(* The dual iterates never leave range(W), since each update adds theta W x. *)
Lemma apapc_dual_in_range (R : realType) (N : nat) (g : 'cV[R]_N -> 'cV[R]_N)
    (W : 'M[R]_N) (eta theta alpha tau : R) (x0 y0 : 'cV[R]_N) :
  in_range W y0 -> forall j, in_range W (st_y (apapc g W eta theta alpha tau x0 y0 j)).
Proof.
move=> hy0; elim=> [//|j IH] /=.
by apply: in_rangeD => //; apply/in_rangeZ/in_rangeW.
Qed.

Unset Implicit Arguments.

Theorem mainTheorem8 (R : realType) (n d : nat)
  (F : 'cV[R]_(n * d) -> R) (gradF : 'cV[R]_(n * d) -> 'cV[R]_(n * d))
  (mu L : R) (W Wdag : 'M[R]_(n * d)) (lmax lminp : R)
  (xs x0 y0 : 'cV[R]_(n * d)) :
  has_gradient F gradF ->
  0 < mu -> mu <= L ->
  strongly_convex F gradF mu ->
  smooth gradF L ->
  W^T = W ->
  (forall x, 0 <= dotv x (W *m x)) ->
  (forall x, in_ker W x <-> consensus x) ->
  (* lmax = largest eigenvalue of W, lminp = smallest positive eigenvalue *)
  eigenvalue W lmax -> (forall a, eigenvalue W a -> a <= lmax) ->
  eigenvalue W lminp -> 0 < lminp ->
  (forall a, eigenvalue W a -> 0 < a -> lminp <= a) ->
  (* Wdag is the inverse of W restricted to range(W) *)
  (forall u, in_range W u -> in_range W (Wdag *m u) /\ W *m (Wdag *m u) = u) ->
  (* xs is the (unique) minimizer of F over ker W *)
  in_ker W xs -> (forall x, in_ker W x -> F xs <= F x) ->
  in_range W y0 ->
  let ys := - gradF xs in
  let tau := Num.min 1 (2^-1 * Num.sqrt (mu / L * (lmax / lminp))) in
  let eta := (4 * tau * L)^-1 in
  let theta := (eta * lmax)^-1 in
  let alpha := mu in
  forall k : nat,
    Psi F gradF Wdag eta theta alpha tau xs ys
        (apapc gradF W eta theta alpha tau x0 y0 k.+1)
    <= (1 + 4^-1 * Num.min (Num.sqrt (mu / L * (lminp / lmax))) (lminp / lmax))^-1
       * Psi F gradF Wdag eta theta alpha tau xs ys
        (apapc gradF W eta theta alpha tau x0 y0 k).
Proof.
move=> _ mu0 muL hsc hsm Wsym Wpsd _ _ hlmax hlmin l0 hlm hWd hxs hmin hy0.
move=> ys tau eta theta alpha k.
have L0 : 0 < L by apply: lt_le_trans muL.
have [t0 t1 e0 th0 [d0 rate_primal rate_bregman rate_dual
    [rate_smooth eta_mu_le1 ith]]] := apapc_params mu0 muL l0 (hlmax _ hlmin).
set delta := 4^-1 * Num.min _ _ in d0 rate_primal rate_bregman rate_dual rate_smooth *.
have heta : eta * (4 * tau * L) = 1 by rewrite mulVf // gt_eqF // !mulr_gt0.
have hys := grad_in_range L0 (strongly_convex_convex (ltW mu0) hsc) hsm Wsym hxs hmin.
have := apapc_dual_in_range gradF eta theta alpha tau x0 hy0 k.
rewrite [apapc _ _ _ _ _ _ _ _ k.+1]/=.
case: (apapc gradF W eta theta alpha tau x0 y0 k) => x y xf /= hy.
have step := step_contraction mu0 L0 hsc hsm Wsym Wpsd hlmax l0 hlm hWd hxs hys
  t0 t1 e0 th0 d0 rate_primal rate_bregman rate_dual rate_smooth eta_mu_le1 ith heta x xf hy.
have d1 : 0 < 1 + delta by apply: (lt_le_trans ltr01); rewrite lerDl.
by rewrite -(ler_pM2l d1) mulrA mulfV ?gt_eqF // mul1r.
Qed.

§ Exercise requirements:
As you read the records above, find each line that contains "hmin" and copy it.

§ Exercise solution:
move=> _ mu0 muL hsc hsm Wsym Wpsd _ _ hlmax hlmin l0 hlm hWd hxs hmin hy0.
have hys := grad_in_range L0 (strongly_convex_convex (ltW mu0) hsc) hsm Wsym hxs hmin.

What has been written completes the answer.